Required action: Among the entries below, find the lines with "else" and copy them.

[Stored data]
+-------+

(* Let $\mathfrak p=(p,q)\in\mathbb Z_+^2$ and $\Gamma=\Gamma_{\mathfrak p}$. Then $\bigcup_{j=1}^{pq}B_j^\Gamma=[-4,4]$ and $\max B_j^\Gamma\ge\min B_{j+1}^\Gamma$ for every $1\le j<pq$.
   Context: For $r\ge3$ and $\theta\in\mathbb R$, $\Delta_\theta^r\in\mathbb C^{r\times r}$ is the Hermitian matrix with $1$ on the sub- and superdiagonals, $0$ on the diagonal, entry $e^{-i\theta}$ in position $(1,r)$ and $e^{i\theta}$ in position $(r,1)$, all other entries $0$; $\Delta_\theta^1=2\cos\theta$, $\Delta_\theta^2=\begin{bmatrix}0&1+e^{-i\theta}\\1+e^{i\theta}&0\end{bmatrix}$. $\Gamma_{\mathfrak p}=([0,p)\times[0,q))\cap\mathbb Z^2$, $\Delta^{\Gamma}_{\theta,\varphi}=\Delta_\theta^p\otimes I_q+I_p\otimes\Delta_\varphi^q$, with ordered eigenvalues $\lambda_1^\Gamma(\theta,\varphi)\le\cdots\le\lambda_{pq}^\Gamma(\theta,\varphi)$ and bands $B_j^\Gamma=\{\lambda_j^\Gamma(\theta,\varphi):(\theta,\varphi)\in[0,\pi]^2\}$. *)

From HB Require Import structures.
From Stdlib Require Import Reals Lra ClassicalEpsilon FunctionalExtensionality.
From mathcomp Require Import all_boot all_order all_algebra.

Set Implicit Arguments.
Unset Strict Implicit.
Unset Printing Implicit Defensive.

Record C := mkC { Cre : R ; Cim : R }.

Definition C_eqb (x y : C) : bool :=
  if excluded_middle_informative (x = y) then true else false.

Lemma C_eqP : Equality.axiom C_eqb.
Proof.
move=> x y; rewrite /C_eqb; case: excluded_middle_informative => h.
  by apply: ReflectT.
by apply: ReflectF.
Qed.

HB.instance Definition _ := hasDecEq.Build C C_eqP.

Definition C_find (P : pred C) (n : nat) : option C :=
  match excluded_middle_informative (exists x, P x) with
  | left h => Some (proj1_sig (constructive_indefinite_description _ h))
  | right _ => None
  end.

Lemma C_find_correct P n x : C_find P n = Some x -> P x.
Proof.
rewrite /C_find; case: excluded_middle_informative => // h [<-].
exact: proj2_sig (constructive_indefinite_description _ h).
Qed.

Lemma C_find_complete (P : pred C) : (exists x, P x) -> exists n, C_find P n.
Proof.
move=> h; exists 0%N; rewrite /C_find.
by case: excluded_middle_informative.
Qed.

Lemma C_find_ext (P Q : pred C) : P =1 Q -> C_find P =1 C_find Q.
Proof.
by move=> /functional_extensionality ->.
Qed.

HB.instance Definition _ :=
  hasChoice.Build C C_find_correct C_find_complete C_find_ext.

Definition C0 : C := mkC (IZR 0) (IZR 0).
Definition C1 : C := mkC (IZR 1) (IZR 0).
Definition Cadd (x y : C) : C := mkC (Rplus (Cre x) (Cre y)) (Rplus (Cim x) (Cim y)).
Definition Copp (x : C) : C := mkC (Ropp (Cre x)) (Ropp (Cim x)).
Definition Cmul (x y : C) : C :=
  mkC (Rminus (Rmult (Cre x) (Cre y)) (Rmult (Cim x) (Cim y)))
      (Rplus (Rmult (Cre x) (Cim y)) (Rmult (Cim x) (Cre y))).

Lemma Cext (x y : C) : Cre x = Cre y -> Cim x = Cim y -> x = y.
Proof. by case: x; case: y => ? ? ? ? /= -> ->. Qed.

Lemma CaddA : associative Cadd.
Proof. move=> x y z; apply: Cext => /=; ring. Qed.
Lemma CaddC : commutative Cadd.
Proof. move=> x y; apply: Cext => /=; ring. Qed.
Lemma Cadd0 : left_id C0 Cadd.
Proof. move=> x; apply: Cext => /=; ring. Qed.
Lemma CaddN : left_inverse C0 Copp Cadd.
Proof. move=> x; apply: Cext => /=; ring. Qed.

HB.instance Definition _ := GRing.isZmodule.Build C CaddA CaddC Cadd0 CaddN.

Lemma CmulA : associative Cmul.
Proof. move=> x y z; apply: Cext => /=; ring. Qed.
Lemma CmulC : commutative Cmul.
Proof. move=> x y; apply: Cext => /=; ring. Qed.
Lemma Cmul1 : left_id C1 Cmul.
Proof. move=> x; apply: Cext => /=; ring. Qed.
Lemma CmulDl : left_distributive Cmul Cadd.
Proof. move=> x y z; apply: Cext => /=; ring. Qed.
Lemma C1_neq0 : C1 != C0.
Proof.
apply/eqP => h; have := f_equal Cre h; rewrite /= => h'; lra.
Qed.

HB.instance Definition _ :=
  GRing.Zmodule_isComNzRing.Build C CmulA CmulC Cmul1 CmulDl C1_neq0.

Definition RtoC (x : R) : C := mkC x (IZR 0).
Definition expi (t : R) : C := mkC (cos t) (sin t).

Local Open Scope ring_scope.

(* Delta_theta^r (0-indexed): 1 on the sub-/superdiagonal, e^{-i theta} at
   (0, r-1) and e^{i theta} at (r-1, 0), entries being ADDED.  For r >= 3 this
   is exactly the paper's matrix; for r = 2 it gives
   [[0, 1 + e^{-i theta}], [1 + e^{i theta}, 0]], and for r = 1 it gives
   e^{-i theta} + e^{i theta} = 2 cos theta, matching the paper's special cases. *)
Definition Delta (r : nat) (theta : R) : 'M[C]_r :=
  \matrix_(i < r, j < r)
    ((if (i == j.+1 :> nat) || (j == i.+1 :> nat) then 1 else 0)
     + (if (i == 0%N :> nat) && (j == r.-1 :> nat) then expi (Ropp theta) else 0)
     + (if (i == r.-1 :> nat) && (j == 0%N :> nat) then expi theta else 0)).

(* Kronecker product with the standard index ordering k = a * q + b. *)
Lemma kron_div_lt_nat p q k : (k < p * q)%N -> (k %/ q < p)%N.
Proof.
case: q => [|q] hk; first by move: hk; rewrite muln0.
by rewrite ltn_divLR.
Qed.

Lemma kron_mod_lt_nat p q k : (k < p * q)%N -> (k %% q < q)%N.
Proof.
case: q => [|q] hk; first by move: hk; rewrite muln0.
by rewrite ltn_mod.
Qed.

Lemma kron_div_lt p q (k : 'I_(p * q)) : (k %/ q < p)%N.
Proof. exact: kron_div_lt_nat (ltn_ord k). Qed.

Lemma kron_mod_lt p q (k : 'I_(p * q)) : (k %% q < q)%N.
Proof. exact: kron_mod_lt_nat (ltn_ord k). Qed.

Definition kron_fst p q (k : 'I_(p * q)) : 'I_p := Ordinal (kron_div_lt k).
Definition kron_snd p q (k : 'I_(p * q)) : 'I_q := Ordinal (kron_mod_lt k).

Definition kronmx p q (A : 'M[C]_p) (B : 'M[C]_q) : 'M[C]_(p * q) :=
  \matrix_(i, j) (A (kron_fst i) (kron_fst j) * B (kron_snd i) (kron_snd j)).

Definition DeltaG (p q : nat) (theta phi : R) : 'M[C]_(p * q) :=
  kronmx (Delta p theta) 1%:M + kronmx 1%:M (Delta q phi).

Definition ordered_eigs n (A : 'M[C]_n) (l : 'I_n -> R) : Prop :=
  (forall i j : 'I_n, (i <= j)%N -> Rle (l i) (l j)) /\
  char_poly A = \prod_(i < n) ('X - (RtoC (l i))%:P).

(* The band B_j^Gamma (j 0-indexed): values of lambda_j over [0,pi]^2. *)
Definition band (p q : nat) (j : 'I_(p * q)) (x : R) : Prop :=
  exists theta phi : R,
    Rle 0 theta /\ Rle theta PI /\ Rle 0 phi /\ Rle phi PI /\
    exists l : 'I_(p * q) -> R,
      ordered_eigs (DeltaG p q theta phi) l /\ l j = x.

Definition is_max_of (S : R -> Prop) (M : R) : Prop :=
  S M /\ forall x, S x -> Rle x M.
Definition is_min_of (S : R -> Prop) (m : R) : Prop :=
  S m /\ forall x, S x -> Rle m x.

Arguments band : clear implicits.
Arguments DeltaG : clear implicits.

(* Δ_θ^r is diagonalised by the Vandermonde vectors (z^m)_m, z ranging over the
   r-th roots of e^{iθ}, with eigenvalues 2 cos((θ + 2πk)/r); hence Δ^Γ_{θ,φ}
   has eigenvalues 2 cos((θ + 2πk)/p) + 2 cos((φ + 2πl)/q). Every angle in
   [0, π] is such a (θ + 2πk)/r up to reflection, so the bands cover [-4, 4].
   Sorting is 1-Lipschitz for the sup norm, so each λ_j is 2-Lipschitz on
   [0, π]², and every band attains its maximum and minimum. If max B_j < min
   B_{j+1}, a point strictly between them is in no band: λ_i ≤ λ_j for i ≤ j
   and λ_i ≥ λ_{j+1} for i > j. *)

From Stdlib Require Import Reals Lra ClassicalEpsilon.
From HB Require Import structures.
From mathcomp Require Import all_boot all_order all_algebra.
From mathcomp Require Import Rstruct zify.
Set Implicit Arguments. Unset Strict Implicit. Unset Printing Implicit Defensive.
Import Order.TTheory GRing.Theory Num.Theory.

Definition Cinv (x : C) : C :=
  mkC (Rdiv (Cre x) (Rplus (Rmult (Cre x) (Cre x)) (Rmult (Cim x) (Cim x))))
      (Rdiv (Ropp (Cim x)) (Rplus (Rmult (Cre x) (Cre x)) (Rmult (Cim x) (Cim x)))).
Lemma measure_prepare_Phi2_comp (A B C' D : 'M[C]_d) :
  ppt_pair A B -> ppt_pair C' D -> measure_prepare (Phi2 (A *m C') (hadamard B D)).
Proof.
move=> [A0 hB hBd hBo] [C0 hD _ hDo].
apply: (measure_prepare_Phi2 (a := fun k l => A k l * C' l k / 2)
  (b := fun k l => A k k * C' k l / 2) (c := fun k l => A l l * C' l k / 2)
  (e := fun k l => A l k * C' k l / 2)).
- by move=> k l kl; rewrite !mxE hB // hD // conjCM.
- by move=> k l; split; rewrite divr_ge0 ?mulr_ge0.
- move=> k l kl; rewrite mxE conjCM mulrACA.
  rewrite (_ : 4 * _ = A k l * A l k * (C' k l * C' l k)); last by field.
  by apply: ler_pM; rewrite ?mul_conjC_ge0 ?hBo ?hDo.
- move=> k l kl; rewrite mxE conjCM mulrACA.
  rewrite (_ : 4 * _ = A k k * A l l * (C' k l * C' l k)); last by field.
  by apply: ler_pM; rewrite ?mul_conjC_ge0 ?hBd ?hDo.
move=> p m; rewrite /pair_coef mxE; have [->|mp] := eqVneq m p.
  rewrite [leRHS](bigD1 p) //= ler_wpDl ?mulr_ge0 //.
  by apply: ler_sum => l _; rewrite -splitr.
rewrite -splitr (bigD1 p) //= lerDl.
by apply: sumr_ge0 => n _; rewrite mulr_ge0.
Qed.

End Composition.

Unset Implicit Arguments.

Theorem theorem4p5 (R : realType) (d : nat) (A B C D : 'M[R[i]]_d) :
  (forall k : 'I_d, A k k = B k k) ->
  (forall k : 'I_d, C k k = D k k) ->
  (forall k : 'I_2, PPT (PhiI k A B) /\ PPT (PhiI k C D)) ->
  forall i j : 'I_2, entanglement_breaking (PhiI i A B \o PhiI j C D).
Proof.
move=> _ _ hppt i j.
have [[cpAB1 _] [cpCD1 _]] := hppt 0; have [[cpAB2 _] [cpCD2 _]] := hppt 1.
rewrite PhiI0 in cpAB1 cpCD1; rewrite PhiI1 in cpAB2 cpCD2.
have hCD := ppt_pair_of_cp cpCD1 cpCD2.
have hCD' : ppt_pair C (if i == 0 then D^T else D).
  by case: (i == 0); [exact: ppt_pair_trmx | exact: hCD].
have hPsi := measure_prepare_Phi2_comp (ppt_pair_of_cp cpAB1 cpAB2) hCD'.
apply: measure_prepare_EB; apply: measure_prepare_ext (PhiI_comp i j A B C D) _.
by case: (i == j) => /=; [exact: hPsi | exact: measure_prepare_trmx hPsi].
Qed.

+-------+

Your response:
  if excluded_middle_informative (x = y) then true else false.
    ((if (i == j.+1 :> nat) || (j == i.+1 :> nat) then 1 else 0)
     + (if (i == 0%N :> nat) && (j == r.-1 :> nat) then expi (Ropp theta) else 0)
     + (if (i == r.-1 :> nat) && (j == 0%N :> nat) then expi theta else 0)).
have hCD' : ppt_pair C (if i == 0 then D^T else D).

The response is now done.